[Recorded data Boundary: Start]
(* In a representation of the half point, every point of positive weight has
   x_i x_j = 0 and x_i + x_j = 1 on each edge. *)
Lemma bipartite_of_conv_half_point :
  simple_graph e -> conv (Bset e a) half_point -> bipartite e.
Proof.
move=> G [m [lam [pts [lam_ge0 lam1 ptsB xE zE]]]].
have x01 k : in_box (pts k).1 := (ptsB k).1.
have bilin0 : forall k, lam k != 0 -> bilin e a (pts k).1 = 0.
  apply: weighted_sum_eq0 => // [k _|]; first exact: bilin_ge0.
  by rewrite [RHS](zE : 0 = _); apply: eq_bigr => k _; rewrite (ptsB k).2.
have mul0 k (i j : 'I_n) :
    lam k != 0 -> (i < j)%N -> e i j -> (pts k).1 i * (pts k).1 j = 0.
  by move=> lamk; apply: bilin_eq0 (x01 k) (bilin0 k lamk).
have add1 k (i j : 'I_n) :
    lam k != 0 -> (i < j)%N -> e i j -> (pts k).1 i + (pts k).1 j = 1.
  move=> lamk ij eij; suff : 1 - (pts k).1 i - (pts k).1 j = 0 by lra.
  move: k lamk; apply: (weighted_sum_eq0 (F := fun k => 1 - (pts k).1 i - (pts k).1 j)) => //.
    move=> l laml; have /eqP := mul0 l i j laml ij eij; rewrite mulf_eq0.
    by case/andP: (x01 l i) => ? ?; case/andP: (x01 l j) => ? ? /orP[] /eqP; lra.
  have -> : \sum_(k < m) lam k * (1 - (pts k).1 i - (pts k).1 j) =
      \sum_(k < m) lam k - \sum_(k < m) lam k * (pts k).1 i
        - \sum_(k < m) lam k * (pts k).1 j.
    by rewrite -!sumrB; apply: eq_bigr => k _; ring.
  by rewrite lam1 -!xE /=; lra.
have [k0 lamk0] : exists k, lam k != 0.
  case: (pickP (fun k => lam k != 0)) => [k lamk|lam0]; first by exists k.
  move: lam1; rewrite big1 => [/eqP|k _]; first by rewrite eq_sym oner_eq0.
  exact/eqP/negbFE/lam0.
apply: (bipartite_of_ltn (c := fun i => (pts k0).1 i == 0)) G _ => i j ij eij.
exact: eq0_xor_of_mul0_add1 (mul0 k0 i j lamk0 ij eij) (add1 k0 i j lamk0 ij eij).
Qed.
Lemma sum_rho_weight_le K : \sum_(1 <= k < K) rho_weight k <= 2^-1.
Proof.
have geom K' : \sum_(1 <= k < K'.+1) (2 ^- k : R) = 1 - 2 ^- K'.
  elim: K' => [|K' IH]; first by rewrite big_geq // expr0 invr1 subrr.
  by rewrite big_nat_recr //= IH exprS invfM; lra.
case: K => [|K]; first by rewrite big_geq.
apply: (@le_trans _ _ (\sum_(1 <= k < K.+1) 2 ^- k * 2^-1)).
  apply: ler_sum_nat => k /andP[k1 _]; rewrite ler_wpM2l ?invr_ge0 ?exprn_ge0 //.
  rewrite lef_pV2 ?posrE ?ltr0n ?double_gt0 // ler_nat.
  by rewrite -[2%N]/(1.*2)%N leq_double.
rewrite -mulr_suml geom; have : 0 <= (2 ^- K : R) by rewrite invr_ge0 exprn_ge0.
lra.
Qed.

Lemma weighted_rseries_le (H : nat -> R) (G : nat -> nat -> R) M c :
  (forall k, 0 <= H k <= 1) -> (forall n k, (1 <= n < M)%N -> 0 <= G n k <= 1) ->
  0 <= c -> (forall k, H k <= \sum_(1 <= n < M) G n k + c) ->
  rseries (fun k => rho_weight k * H k) 1 <=
    \sum_(1 <= n < M) rseries (fun k => rho_weight k * G n k) 1 + 2^-1 * c.
Proof.
move=> H01 G01 c_ge0 H_le.
have weighted_le (F : nat -> R) : (forall k, 0 <= F k <= 1) ->
    (forall k, 0 <= rho_weight k * F k) /\ forall K, \sum_(1 <= k < K) rho_weight k * F k <= 2^-1.
  move=> F01; split=> [k|K]; first by case/andP: (F01 k) => F0 _; rewrite mulr_ge0 ?rho_weight_ge0.
  apply: le_trans (sum_rho_weight_le K); apply: ler_sum => k _.
  by case/andP: (F01 k) => F0 F1; rewrite ler_piMr ?rho_weight_ge0.
have [wH_ge0 _] := weighted_le H H01.
apply: rseries_le wH_ge0 _ => K.
apply: (@le_trans _ _ (\sum_(1 <= k < K) rho_weight k * (\sum_(1 <= n < M) G n k + c))).
  by apply: ler_sum => k _; rewrite ler_wpM2l ?rho_weight_ge0.
have -> : \sum_(1 <= k < K) rho_weight k * (\sum_(1 <= n < M) G n k + c) =
    \sum_(1 <= n < M) \sum_(1 <= k < K) rho_weight k * G n k + (\sum_(1 <= k < K) rho_weight k) * c.
  rewrite mulr_suml exchange_big -big_split /=; apply: eq_bigr => k _.
  by rewrite mulrDr mulr_sumr.
apply: lerD; last by rewrite ler_wpM2r ?sum_rho_weight_le.
rewrite big_nat_cond [leRHS]big_nat_cond; apply: ler_sum => n /andP[Mn _].
by have [wG_ge0 wG_le] := weighted_le _ (G01 n ^~ Mn); exact: partial_sum_le_rseries wG_ge0 wG_le K.
Qed.

End rho_weight.

Lemma rho_le_sum {R : realType} (X Y : mms R -> Prop) (Ps Qs : nat -> mms R -> Prop) M c :
  (forall k, Mset X k !=set0 /\ Mset Y k !=set0) ->
  (forall n k, (1 <= n < M)%N -> Mset (Ps n) k !=set0 /\ Mset (Qs n) k !=set0) -> 0 <= c ->
  (forall k, hausdorff (prokhorov k) (Mset X k) (Mset Y k) <=
     \sum_(1 <= n < M) hausdorff (prokhorov k) (Mset (Ps n) k) (Mset (Qs n) k) + c) ->
  rho X Y <= \sum_(1 <= n < M) rho (Ps n) (Qs n) + 2^-1 * c.
Proof.
move=> XY_neq0 PsQs_neq0 c_ge0 H_le; apply: weighted_rseries_le c_ge0 H_le.
  by move=> k; have [X0 Y0] := XY_neq0 k; exact: hausdorff_Mset_itv01.
by move=> n k Mn; have [P0 Q0] := PsQs_neq0 n k Mn; exact: hausdorff_Mset_itv01.
Qed.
[Recorded data Boundary: End]
*What is expected*
Set down, exactly as they stand above, the lines starting with the line with "move: lam1; rewrite" and going on through the line with "apply: ler_sum_nat =>", and no others.

*Output for this exercise*
  move: lam1; rewrite big1 => [/eqP|k _]; first by rewrite eq_sym oner_eq0.
  exact/eqP/negbFE/lam0.
apply: (bipartite_of_ltn (c := fun i => (pts k0).1 i == 0)) G _ => i j ij eij.
exact: eq0_xor_of_mul0_add1 (mul0 k0 i j lamk0 ij eij) (add1 k0 i j lamk0 ij eij).
Qed.
Lemma sum_rho_weight_le K : \sum_(1 <= k < K) rho_weight k <= 2^-1.
Proof.
have geom K' : \sum_(1 <= k < K'.+1) (2 ^- k : R) = 1 - 2 ^- K'.
  elim: K' => [|K' IH]; first by rewrite big_geq // expr0 invr1 subrr.
  by rewrite big_nat_recr //= IH exprS invfM; lra.
case: K => [|K]; first by rewrite big_geq.
apply: (@le_trans _ _ (\sum_(1 <= k < K.+1) 2 ^- k * 2^-1)).
  apply: ler_sum_nat => k /andP[k1 _]; rewrite ler_wpM2l ?invr_ge0 ?exprn_ge0 //.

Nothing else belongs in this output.